| TASK TO CARRY OUT |
Read through the entries below and copy each line where "ClassicalEpsilon" turns up.

------------------------------

(* For $\lambda>0$ let $\eta = \eta(\lambda) = (\lambda-1)\sqrt{\frac{2 (\lambda-1-\ln \lambda)}{(\lambda-1)^{2}}}$ (principal branch of the root). Let $\gamma_j$ be the Stirling coefficients $\gamma_{j} = \frac{(-1)^{j}}{2^{j} \, j!} \Big[ \frac{d^{2j}}{dx^{2j}} \Big( \frac{1}{2}\frac{x^{2}}{x-\ln(1+x)} \Big)^{j+\frac{1}{2}} \Big]_{x=0}$, and define functions $c_j(\eta)$ by $c_{0}(\eta) = \frac{1}{\lambda-1}-\frac{1}{\eta}$ and $c_{j}(\eta) = \frac{1}{\eta} \frac{d}{d\eta}c_{j-1}(\eta) + \frac{\gamma_{j}}{\lambda-1}$ for $j \geq 1$ (with $\lambda$ regarded as a function of $\eta$). Then for every $j \geq 0$, $$c_j(\eta) = \varphi_j(\lambda) - S(\varphi_j(\lambda)), \qquad \varphi_j(\lambda) := \frac{(-1)^{j+1} (2j-1)!!}{\eta^{2j+1}},$$ where $S(\varphi_j(\lambda))$ denotes the singular part of $\varphi_j$ at $\lambda = 1$, i.e. the sum of the terms with negative powers of $\lambda-1$ in the Laurent expansion of $\varphi_j(\lambda)$ at $\lambda=1$.
   Context: $(2j-1)!!=1\cdot3\cdots(2j-1)$, with $(-1)!!=1$. The map $\lambda\mapsto\eta$ is real-analytic and increasing with $\eta(1)=0$, $\eta'(1)=1$, so $\eta^{-(2j+1)}$ has a pole of order $2j+1$ at $\lambda=1$. (These $c_j$ are the coefficients in Temme's uniform asymptotic expansion $R_a(\eta)\sim \frac{e^{-a\eta^2/2}}{\sqrt{2\pi a}}\sum_j c_j(\eta)a^{-j}$ of the remainder in $\gamma(a,z)/\Gamma(a)=\frac12\mathrm{erfc}(-\eta\sqrt{a/2})-R_a(\eta)$, $\lambda=z/a$.) *)

From Stdlib Require Import Reals ClassicalEpsilon.
From Coquelicot Require Import Coquelicot.
Open Scope R_scope.

Definition eta (l : R) : R :=
  (l - 1) * sqrt (2 * (l - 1 - ln l) / (l - 1) ^ 2).

(* lambda as a function of eta: the inverse of eta : (0,+oo) -> R
   (eta is an increasing bijection from (0,+oo) onto R). *)
Definition lam_of (e : R) : R :=
  epsilon (inhabits 1) (fun l => 0 < l /\ eta l = e).

(* g(x) = (1/2) x^2 / (x - ln(1+x)), extended by continuity (g(0) = 1). *)
Definition stir_g (x : R) : R :=
  if Req_EM_T x 0 then 1 else / 2 * x ^ 2 / (x - ln (1 + x)).

Definition gamma_st (j : nat) : R :=
  (-1) ^ j / (2 ^ j * INR (Factorial.fact j)) *
  Derive_n (fun x => Rpower (stir_g x) (INR j + / 2)) (2 * j) 0.

Fixpoint c_fun (j : nat) : R -> R :=
  match j with
  | O => fun e => 1 / (lam_of e - 1) - 1 / e
  | S j' => fun e => 1 / e * Derive (c_fun j') e + gamma_st j / (lam_of e - 1)
  end.

(* (2j-1)!! = 1 * 3 * ... * (2j-1), with (-1)!! = 1. *)
Fixpoint odd_dfact (j : nat) : nat :=
  match j with
  | O => 1%nat
  | S j' => ((2 * j' + 1) * odd_dfact j')%nat
  end.

Definition phi (j : nat) (l : R) : R :=
  (-1) ^ (S j) * INR (odd_dfact j) / eta l ^ (2 * j + 1).

(* S is the singular (principal) part of f at a: f has a Laurent expansion
   f(x) = sum_{k=1}^{N+1} b_k (x-a)^{-k} + sum_{n>=0} c_n (x-a)^n  on a punctured
   neighbourhood 0 < |x-a| < r, and S(x) is the sum of the negative-power terms. *)
Definition is_singular_part (f : R -> R) (a : R) (Sp : R -> R) : Prop :=
  exists (N : nat) (b c : nat -> R) (r : R),
    0 < r /\
    (forall x, Sp x = sum_f_R0 (fun k => b k / (x - a) ^ (S k)) N) /\
    (forall x, 0 < Rabs (x - a) < r -> is_pseries c (x - a) (f x - Sp x)).

(* With x = lambda - 1 one has x - ln(1 + x) = x^2 Q(x) / 2 for an explicit power series Q
   with Q(0) = 1, so K = Q^(-1/2) is a power series (built from the ODE 2 Q K' + Q' K = 0)
   with eta(1 + x) = x / K(x) and g = K^2.  Hence phi_j(1 + x) is a constant times
   K(x)^(2j+1) / x^(2j+1): a Laurent series whose principal part comes from the coefficients
   of x^0, ..., x^(2j) in K^(2j+1), and gamma_j is exactly minus its 1/x coefficient.
   Since d eta / d lambda = (lambda - 1) / (lambda eta), the recursion for c_j reads
   c_(j+1) = lambda / (lambda - 1) d/dlambda c_j + gamma_(j+1) / (lambda - 1), and
   lambda / (lambda - 1) phi_j' = phi_(j+1).  Writing phi_j = S_j + R_j (principal and regular
   parts), (1 + 1/x) R_j' = R_j'(0) / x + regular, so uniqueness of principal parts gives
   S_(j+1) = (1 + 1/x) S_j' - gamma_(j+1) / x, and the claim follows by induction on j. *)

From Stdlib Require Import Reals ClassicalEpsilon Lra Lia.
From Coquelicot Require Import Coquelicot.
Open Scope R_scope.

Lemma CV_radius_ge_of_ex_pseries (a : nat -> R) (r : R) :
  0 < r -> (forall x, 0 < Rabs x < r -> ex_pseries a x) -> Rbar_le r (CV_radius a).
Proof.
  intros Hr Hex.
  destruct (CV_radius a) as [l| |] eqn:E; simpl; try easy.
  - apply Rnot_lt_le; intro Hl.
    assert (Hl0 : 0 <= l) by (generalize (CV_radius_ge_0 a); rewrite E; easy).
    set (t := (l + r) / 2).
    assert (Ht : 0 < Rabs t < r) by (unfold t; rewrite Rabs_pos_eq; lra).
    destruct (Hex t Ht) as [s Hs].
    apply (CV_disk_outside a t); [rewrite E; simpl; unfold t; rewrite Rabs_pos_eq; lra|].
    apply is_lim_seq_ext with (fun n => scal (pow_n t n) (a n)).
    + intro n. rewrite pow_n_pow. unfold scal; simpl. unfold mult; simpl. ring.
    + apply ex_series_lim_0. exists s. exact Hs.
  - generalize (CV_radius_ge_0 a); rewrite E; easy.
Qed.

------------------------------

| THE ANSWER |
From Stdlib Require Import Reals ClassicalEpsilon.
From Stdlib Require Import Reals ClassicalEpsilon Lra Lia.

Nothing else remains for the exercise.